WHAT THE EXERCISE ASKS ▸ Start at the line with "(forall k, K k -> exists2" in the records below, stop at the line with "rewrite /phi (big_rem y) //=.", and return every line in that span exactly, the two end lines included.

[Start of section]

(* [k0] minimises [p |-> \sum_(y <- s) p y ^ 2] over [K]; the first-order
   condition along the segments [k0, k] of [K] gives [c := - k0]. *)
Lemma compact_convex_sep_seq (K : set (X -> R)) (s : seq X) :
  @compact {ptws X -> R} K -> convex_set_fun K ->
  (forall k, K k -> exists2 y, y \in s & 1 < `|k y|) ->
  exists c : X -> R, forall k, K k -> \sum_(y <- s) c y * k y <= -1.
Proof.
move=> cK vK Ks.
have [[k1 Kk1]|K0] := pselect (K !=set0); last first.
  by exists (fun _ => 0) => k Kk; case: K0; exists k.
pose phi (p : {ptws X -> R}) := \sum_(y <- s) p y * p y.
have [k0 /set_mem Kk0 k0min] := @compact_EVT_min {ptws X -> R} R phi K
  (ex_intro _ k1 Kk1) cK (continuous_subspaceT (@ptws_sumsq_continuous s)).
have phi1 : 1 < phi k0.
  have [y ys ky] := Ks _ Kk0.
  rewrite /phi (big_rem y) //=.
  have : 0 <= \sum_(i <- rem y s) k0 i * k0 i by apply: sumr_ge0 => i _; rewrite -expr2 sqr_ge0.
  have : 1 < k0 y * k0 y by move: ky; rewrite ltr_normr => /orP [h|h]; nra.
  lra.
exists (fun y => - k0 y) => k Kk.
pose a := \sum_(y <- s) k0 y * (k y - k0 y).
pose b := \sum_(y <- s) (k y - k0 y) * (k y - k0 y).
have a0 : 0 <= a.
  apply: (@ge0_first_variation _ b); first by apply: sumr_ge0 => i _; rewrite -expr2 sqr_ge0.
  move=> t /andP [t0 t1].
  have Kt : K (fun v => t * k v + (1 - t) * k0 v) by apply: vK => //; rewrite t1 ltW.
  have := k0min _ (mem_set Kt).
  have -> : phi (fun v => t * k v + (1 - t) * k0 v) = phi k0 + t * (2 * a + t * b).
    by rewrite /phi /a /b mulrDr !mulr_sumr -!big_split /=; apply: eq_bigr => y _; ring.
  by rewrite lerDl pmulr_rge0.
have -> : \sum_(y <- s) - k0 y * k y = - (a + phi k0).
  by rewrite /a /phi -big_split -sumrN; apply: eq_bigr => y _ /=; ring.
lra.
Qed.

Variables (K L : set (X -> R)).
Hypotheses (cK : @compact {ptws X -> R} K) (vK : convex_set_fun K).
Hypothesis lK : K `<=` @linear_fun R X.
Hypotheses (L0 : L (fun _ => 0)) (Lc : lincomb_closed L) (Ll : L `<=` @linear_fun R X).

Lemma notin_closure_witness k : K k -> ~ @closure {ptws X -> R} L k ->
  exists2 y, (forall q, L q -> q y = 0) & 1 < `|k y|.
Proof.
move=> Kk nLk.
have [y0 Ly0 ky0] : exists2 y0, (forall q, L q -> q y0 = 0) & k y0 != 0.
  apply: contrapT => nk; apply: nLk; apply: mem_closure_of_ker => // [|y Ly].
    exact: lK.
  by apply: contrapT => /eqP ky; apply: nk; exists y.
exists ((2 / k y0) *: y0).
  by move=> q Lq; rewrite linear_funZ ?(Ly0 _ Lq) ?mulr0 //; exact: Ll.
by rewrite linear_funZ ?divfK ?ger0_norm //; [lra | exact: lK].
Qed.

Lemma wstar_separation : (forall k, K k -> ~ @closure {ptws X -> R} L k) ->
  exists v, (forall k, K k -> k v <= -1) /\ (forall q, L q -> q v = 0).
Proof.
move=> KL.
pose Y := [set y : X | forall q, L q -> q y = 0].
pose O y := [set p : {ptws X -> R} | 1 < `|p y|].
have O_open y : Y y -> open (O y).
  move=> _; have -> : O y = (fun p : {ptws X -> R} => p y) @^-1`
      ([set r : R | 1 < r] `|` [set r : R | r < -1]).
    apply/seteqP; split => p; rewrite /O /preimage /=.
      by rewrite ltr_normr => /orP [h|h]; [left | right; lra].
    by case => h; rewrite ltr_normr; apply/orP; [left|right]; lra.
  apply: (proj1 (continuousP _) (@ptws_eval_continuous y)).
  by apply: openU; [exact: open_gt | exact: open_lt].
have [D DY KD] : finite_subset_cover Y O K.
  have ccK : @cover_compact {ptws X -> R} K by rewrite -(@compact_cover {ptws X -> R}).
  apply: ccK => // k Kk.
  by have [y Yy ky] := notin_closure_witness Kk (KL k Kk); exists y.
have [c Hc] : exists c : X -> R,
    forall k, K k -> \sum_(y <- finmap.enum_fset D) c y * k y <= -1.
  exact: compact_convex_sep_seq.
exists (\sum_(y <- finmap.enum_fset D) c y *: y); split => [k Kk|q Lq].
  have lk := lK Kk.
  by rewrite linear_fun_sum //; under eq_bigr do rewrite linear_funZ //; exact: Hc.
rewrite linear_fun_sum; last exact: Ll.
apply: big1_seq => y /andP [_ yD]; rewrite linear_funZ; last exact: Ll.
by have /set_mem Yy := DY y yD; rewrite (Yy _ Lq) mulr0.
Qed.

[End of section]

OUTPUT FOR THIS TASK ▸
  (forall k, K k -> exists2 y, y \in s & 1 < `|k y|) ->
  exists c : X -> R, forall k, K k -> \sum_(y <- s) c y * k y <= -1.
Proof.
move=> cK vK Ks.
have [[k1 Kk1]|K0] := pselect (K !=set0); last first.
  by exists (fun _ => 0) => k Kk; case: K0; exists k.
pose phi (p : {ptws X -> R}) := \sum_(y <- s) p y * p y.
have [k0 /set_mem Kk0 k0min] := @compact_EVT_min {ptws X -> R} R phi K
  (ex_intro _ k1 Kk1) cK (continuous_subspaceT (@ptws_sumsq_continuous s)).
have phi1 : 1 < phi k0.
  have [y ys ky] := Ks _ Kk0.
  rewrite /phi (big_rem y) //=.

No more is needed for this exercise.